Indeed, the officers of Left Turn Police District keep their promise to reform themselves. Even Dagul, one of Patrolman Durugas' "victims" is surprised to see the officer reminding him to buckle his seatbelt instead of asking for bribes. Truly, the police officers have become good, hardworking, and responsible law enforcers. The only thing still troubling Colonel Magti is how he will support his four wives and eighteen children.

Story teaser
When the arc was published in Pugad Baboy 7, this line about the arc is found in the back. It goes as follows:

Gluttony, greed, sloth...You name it,they're guilty of it.

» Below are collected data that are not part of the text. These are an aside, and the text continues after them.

(* Let $\bullet\in\{0,L_p,L,1_p,1\}$, $\mathbf{x}_0\in\mathbb{R}^d$, $\mathbf{A}\in C^\bullet_{\mathbf{x}_0}(\mathbb{R}^d,\mathbb{R}^{m\times n})$, $\mu\in(0,\infty)$ and $\nu\in\mathbb{N}\cup\{0\}$. Define $\lambda:\mathbb{R}^d\to(0,\infty]$ by $\lambda^2(\mathbf{x})=\mu^2/|(\mathbf{A}\mathbf{A}^T)(\mathbf{x})|^\nu$ if $|(\mathbf{A}\mathbf{A}^T)(\mathbf{x})|^\nu>0$ and $\lambda^2(\mathbf{x})=\infty$ otherwise. Then the map $\mathbf{x}\mapsto\mathbf{A}(\mathbf{x})^{*(\lambda(\mathbf{x}))}$ belongs to $C^\bullet_{\mathbf{x}_0}(\mathbb{R}^d,\mathbb{R}^{n\times m})$.
   Context: $|\cdot|$ denotes the determinant, with $0^0=1$. Damped pseudoinverse: $\mathbf{A}^{*(\lambda)}=\mathbf{A}^T(\mathbf{A}\mathbf{A}^T+\lambda^2\mathbf{I}_m)^+$ for $\lambda<\infty$ and $\mathbf{A}^{*(\infty)}=\mathbf{0}$. Regularity classes: $f\in C^\bullet_{x_0}$ means, respectively, ($0$) continuous at $x_0$; ($L_p$) there are $r>0,L\ge0$ with $\|f(x)-f(x_0)\|\le L\|x-x_0\|$ for $\|x-x_0\|\le r$; ($L$) Lipschitz on a neighborhood of $x_0$; ($1_p$) Fréchet differentiable at $x_0$; ($1$) differentiable on a neighborhood of $x_0$ with derivative continuous at $x_0$. *)

From HB Require Import structures.
From Stdlib Require Import Reals Lra ClassicalEpsilon FunctionalExtensionality.
From mathcomp Require Import all_boot all_order all_algebra.

Set Implicit Arguments.
Unset Strict Implicit.
Unset Printing Implicit Defensive.

Definition Reqb (x y : R) : bool := if Req_EM_T x y then true else false.

Lemma Reqb_axiom : Equality.axiom Reqb.
Proof. by move=> x y; rewrite /Reqb; case: Req_EM_T => h; constructor. Qed.

HB.instance Definition _ := hasDecEq.Build R Reqb_axiom.

Definition Rfind (P : pred R) (_ : nat) : option R :=
  match excluded_middle_informative (exists x, P x) with
  | left h => Some (proj1_sig (constructive_indefinite_description _ h))
  | right _ => None
  end.

Lemma Rfind_correct P n x : Rfind P n = Some x -> P x.
Proof.
rewrite /Rfind; case: excluded_middle_informative => // h [<-].
exact: proj2_sig (constructive_indefinite_description _ h).
Qed.

Lemma Rfind_complete (P : pred R) : (exists x, P x) -> exists n, Rfind P n.
Proof.
move=> h; exists 0%N; rewrite /Rfind; case: excluded_middle_informative => //.
Qed.

Lemma Rfind_ext (P Q : pred R) : P =1 Q -> Rfind P =1 Rfind Q.
Proof.
move=> hPQ; have -> : P = Q by apply: functional_extensionality.
by [].
Qed.

HB.instance Definition _ := hasChoice.Build R Rfind_correct Rfind_complete Rfind_ext.

Lemma R_addrA : associative Rplus. Proof. by move=> x y z; rewrite Rplus_assoc. Qed.
Lemma R_addrC : commutative Rplus. Proof. exact: Rplus_comm. Qed.
Lemma R_add0r : left_id (IZR 0) Rplus. Proof. exact: Rplus_0_l. Qed.
Lemma R_addNr : left_inverse (IZR 0) Ropp Rplus. Proof. exact: Rplus_opp_l. Qed.

HB.instance Definition _ := GRing.isZmodule.Build R R_addrA R_addrC R_add0r R_addNr.

Lemma R_mulrA : associative Rmult. Proof. by move=> x y z; rewrite Rmult_assoc. Qed.
Lemma R_mulrC : commutative Rmult. Proof. exact: Rmult_comm. Qed.
Lemma R_mul1r : left_id (IZR 1) Rmult. Proof. exact: Rmult_1_l. Qed.
Lemma R_mulrDl : left_distributive Rmult Rplus.
Proof. by move=> x y z; rewrite Rmult_plus_distr_r. Qed.
Lemma R_oner_neq0 : (IZR 1) != (IZR 0).
Proof. by apply/eqP; exact: R1_neq_R0. Qed.

HB.instance Definition _ :=
  GRing.Zmodule_isComNzRing.Build R R_mulrA R_mulrC R_mul1r R_mulrDl R_oner_neq0.

Lemma R_mulVf (x : R) : x != IZR 0 -> Rmult (Rinv x) x = IZR 1.
Proof. by move/eqP=> h; rewrite Rinv_l. Qed.
Lemma R_invr0 : Rinv (IZR 0) = IZR 0. Proof. exact: Rinv_0. Qed.

HB.instance Definition _ := GRing.ComNzRing_isField.Build R R_mulVf R_invr0.

Import GRing.Theory.
Local Open Scope ring_scope.

Definition mnorm (p q : nat) (M : 'M[R]_(p, q)) : R :=
  sqrt (\sum_(i < p) \sum_(j < q) (M i j * M i j))%R.

Inductive reg_class : Type := Reg0 | RegLp | RegL | Reg1p | Reg1.

Definition is_linear_map (d p q : nat) (D : 'cV[R]_d -> 'M[R]_(p, q)) : Prop :=
  forall (a : R) (u v : 'cV[R]_d), D (a *: u + v)%R = (a *: D u + D v)%R.

Definition frechet_at (d p q : nat) (f : 'cV[R]_d -> 'M[R]_(p, q))
  (x : 'cV[R]_d) (D : 'cV[R]_d -> 'M[R]_(p, q)) : Prop :=
  is_linear_map D /\
  forall eps : R, Rlt 0 eps -> exists delta : R, Rlt 0 delta /\
    forall y : 'cV[R]_d, Rlt (mnorm (y - x)%R) delta ->
      Rle (mnorm (f y - f x - D (y - x))%R) (Rmult eps (mnorm (y - x)%R)).

Definition regular (b : reg_class) (d p q : nat)
  (f : 'cV[R]_d -> 'M[R]_(p, q)) (x0 : 'cV[R]_d) : Prop :=
  match b with
  | Reg0 =>
      forall eps : R, Rlt 0 eps -> exists delta : R, Rlt 0 delta /\
        forall x : 'cV[R]_d, Rlt (mnorm (x - x0)%R) delta ->
          Rlt (mnorm (f x - f x0)%R) eps
  | RegLp =>
      exists r L : R, Rlt 0 r /\ Rle 0 L /\
        forall x : 'cV[R]_d, Rle (mnorm (x - x0)%R) r ->
          Rle (mnorm (f x - f x0)%R) (Rmult L (mnorm (x - x0)%R))
  | RegL =>
      exists r L : R, Rlt 0 r /\ Rle 0 L /\
        forall x y : 'cV[R]_d, Rlt (mnorm (x - x0)%R) r -> Rlt (mnorm (y - x0)%R) r ->
          Rle (mnorm (f x - f y)%R) (Rmult L (mnorm (x - y)%R))
  | Reg1p =>
      exists D, frechet_at f x0 D
  | Reg1 =>
      exists (r : R) (Df : 'cV[R]_d -> 'cV[R]_d -> 'M[R]_(p, q)), Rlt 0 r /\
        (forall x : 'cV[R]_d, Rlt (mnorm (x - x0)%R) r -> frechet_at f x (Df x)) /\
        (* continuity of x |-> Df x at x0 in operator norm *)
        (forall eps : R, Rlt 0 eps -> exists delta : R, Rlt 0 delta /\
           forall x : 'cV[R]_d, Rlt (mnorm (x - x0)%R) delta ->
             forall h : 'cV[R]_d,
               Rle (mnorm (Df x h - Df x0 h)%R) (Rmult eps (mnorm h)))
  end.

Definition penrose (p q : nat) (M : 'M[R]_(p, q)) (X : 'M[R]_(q, p)) : Prop :=
  [/\ (M *m X *m M = M)%R, (X *m M *m X = X)%R,
      (M *m X)^T = (M *m X)%R & (X *m M)^T = (X *m M)%R].

(* M^+ : the (unique) matrix satisfying the four Penrose equations *)
Definition pinv (p q : nat) (M : 'M[R]_(p, q)) : 'M[R]_(q, p) :=
  epsilon (inhabits 0%R) (penrose M).

(* A damping parameter lambda in (0, +oo]: Some l is the finite value l,
   None is +oo. *)
Definition damped_pinv (m n : nat) (A : 'M[R]_(m, n)) (lam : option R)
  : 'M[R]_(n, m) :=
  match lam with
  | Some l => (A^T *m pinv (A *m A^T + (Rmult l l)%:M))%R
  | None => 0%R
  end.

(* lambda(x) with lambda^2(x) = mu^2 / |A A^T (x)|^nu if |A A^T(x)|^nu > 0,
   and +oo otherwise; note x ^+ 0 = 1, matching 0^0 = 1. *)
Definition lam_fun (d m n : nat) (mu : R) (nu : nat)
  (A : 'cV[R]_d -> 'M[R]_(m, n)) (x : 'cV[R]_d) : option R :=
  let D := ((\det (A x *m (A x)^T)) ^+ nu)%R in
  if Rlt_dec 0 D then Some (sqrt (Rdiv (Rmult mu mu) D)) else None.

They're the country's most sinful.

And they're on theright side of the law.

Under the lines, the WPG is shown facing away from the reader toward the colonel and the three officers. However, there is an error: when the group is pictured to have five members when it is clear that there are four. The reader can deduce that the mystery fifth member may be either an unlikely Bong, who never appears in the arc at all but will become a victim himself of another money laundering case the WPG investigate two books later (in Kulto) or a doppelganger for either Utoy or Paltik and Medina may just added him for symmetry in the group's formation.

Character information
The name of Patrolman Durugas, already a recurring character in the strip, is derived from the word mandurugas (one who cheats). So it is appropriate that his fellow officers Patrolmen Gagancho and Oonse's names are also derived from Filipino slang words associated with cheating and fraud (mang-oonse and mangagantso).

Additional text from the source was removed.